А будет у которого отца, или матери, есть две или три дочери девицы, и первая дочь увечна очми, или рукою, или ногою, или глуха и нема, а другие сестры ростом и красотою и речью исполнены и во всем здоровы; и будет кто учнет свататься у того человека на дочери его, и посылает смотрити мать свою или сестру и кому верить, и те люди вместо тое своея увечный дочери, назвав именем тое дочери, за которую не ведаючи учнут свататься, показывает другую или третьюю дочерь, и та присланная смотря девицы тое излюбит и скажет жениху, что она добра и женитися ему на ней мочно: и как жених по тем словам полюбит и о свадбе у них с отцем и с матерью учинится сговор, что ему на той именем девице жениться на срок, а тому человеку тое свою девицу за него выдать на тот же уставленной срок, и напишут в писме своем заряды великие, что платить виноватому не мочно; а как будет свадба, и в то время за того жениха по сговору выдают они замуж увечную или худую свою дочерь, который имя в записях напишут, а не тое, которую сперва смотрилщице показывали, и тот человек, женяся на ней, того дни в лицо ее не усмотрит, что она слепа или крива, или что иное худое, или в словах не услышит, что она нема или глуха, потому что в тое свадбу бывает закрыта и не говорит ничего, также ежели хрома и руками увечна и того потому ж не узнает, потому что в то время ее водят свахи под руки, а как от венчания и от обеда пойдет с нею спать, и тогда при свече ее увидит, что добре добра, век с нею жить, а всегда плакать и мучиться - и потому умыслит над нею учинить, чтоб она постриглась; а будет по доброй его воле не учинит, не пострижется, _и он ее бьет и мучит всячески, и вместе с нею не спит_, до тех мест что она похочет постричися сама... А который человек, видя свою жену увечную, или несовестливую, отступя от нее сам пострижется; _а иные мужья, или жены, много того чинят, велят отравами отравляти_... Также у которого отца одна дочь девица, а увечна будет чем нибуди худым, и вместо ею на обманство показывают нарочно служащую девку или вдову, назвав имянем иным и нарядя в платье в иное. А будет которая девица ростом невелика, и под нее подставливают стулы, потому что видится доброродна, а на чем стоит того не видеть.

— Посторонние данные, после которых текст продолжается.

Definition ramsey (T : Type) (P : T -> T -> Prop) : Prop :=
  exists a : nat -> T, injective a /\ forall i j : nat, (i < j)%N -> P (a i) (a j).

(* Over a Ramsey sequence for the first formula, every pair (x_i, x_j) has
   some witness w_ij; the point is that it can be taken separable, of the form
   v(x_i) + v'(x_j).  All terms of phi are linear, and eliminating the bound
   variables and w one at a time by substituting test points (the roots of
   the atoms in the eliminated variable, these roots +-1, midpoints of two
   roots, and 0) keeps every term separable in (x, y).  This yields finitely
   many separable candidates, one of which realises the same signs of all
   atoms as any given witness.  Colouring each pair of the sequence by such a
   candidate, the infinite Ramsey theorem gives a subsequence on which one
   candidate (v, v') works for all pairs; the triples (x_i, v(x_i), v'(x_i))
   form the second Ramsey sequence.  The converse just forgets the extra
   components. *)

From mathcomp Require Import all_boot all_order all_algebra.
From mathcomp Require Import reals ring lra.
From Stdlib Require Import ClassicalEpsilon.
From Stdlib Require List.
Set Implicit Arguments. Unset Strict Implicit. Unset Printing Implicit Defensive.
Import Order.TTheory GRing.Theory Num.Theory.
Local Open Scope ring_scope.

Section InfiniteRamsey.
Local Open Scope nat_scope.

Definition infinite (S : nat -> Prop) := forall m, exists2 j, m <= j & S j.

Lemma infinite_pigeonhole K (c : nat -> nat) (S : nat -> Prop) :
  infinite S -> (forall j, S j -> c j < K) ->
  exists2 k, k < K & infinite (fun j => S j /\ c j = k).
Proof.
elim: K S => [|K IH] S infS cK; first by have [j _ /cK] := infS 0.
have [infK|finK] := classic (infinite (fun j => S j /\ c j = K)); first by exists K.
have [m mK] : exists m, forall j, m <= j -> S j -> c j <> K.
  apply: NNPP => unbounded; apply: finK => m; apply: NNPP => none.
  apply: unbounded; exists m => j mj Sj cjK; apply: none; by exists j.
pose S' j := S j /\ m <= j.
have infS' : infinite S'.
  move=> m'; have [j jm Sj] := infS (maxn m m').
  by exists j; last split=> //; apply: leq_trans jm; rewrite ?leq_maxl ?leq_maxr.
have cK' j : S' j -> c j < K.
  move=> [Sj mj]; have := cK j Sj; rewrite ltnS leq_eqVlt => /orP[/eqP|] //.
  by move/(mK j mj Sj).
have [k kK infk] := IH S' infS' cK'.
exists k; first exact: leqW.
by move=> m'; have [j jm' [[Sj _] cj]] := infk m'; exists j.
Qed.

Lemma infinite_enum (S : nat -> Prop) :
  infinite S -> exists e : nat -> nat, (forall i, S (e i)) /\ {homo e : i j / i < j}.
Proof.
move=> infS; pose next m := epsilon (inhabits 0) (fun j => m <= j /\ S j).
have nextP m : m <= next m /\ S (next m).
  have [j mj Sj] := infS m.
  exact: (epsilon_spec _ (fun j => m <= j /\ S j) (ex_intro _ j (conj mj Sj))).
exists (fun i => iter i (fun j => next j.+1) (next 0)); split.
  by case=> [|i]; apply: (nextP _).2.
by apply: homo_ltn; [exact: ltn_trans | move=> i; exact: (nextP _).1].
Qed.

Section Pairs.
Variables (K : nat) (col : nat -> nat -> nat).
Hypothesis col_lt : forall i j, i < j -> col i j < K.

(* A stage of the construction: all later pivots are drawn from the pool. *)
Record stage := Stage { pivot : nat; pool : nat -> Prop }.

Благоразумный читателю! не удивляйся сему; истинная есть тому правда, что во всем свете нигде такого на девки обманства нет, яко в Московском государстве; а такого у них обычая не повелось, как в иных государствах, смотрити и уговариватися временем с невестою самому (стр. 124-126).

Прочие описания частной жизни бояр у Кошихина также любопытны. Кушанья готовились без приправ, и всякий клал в них уксуса, соли и перца уже на столе. Число яств за обедом простиралось до 50 и до 100.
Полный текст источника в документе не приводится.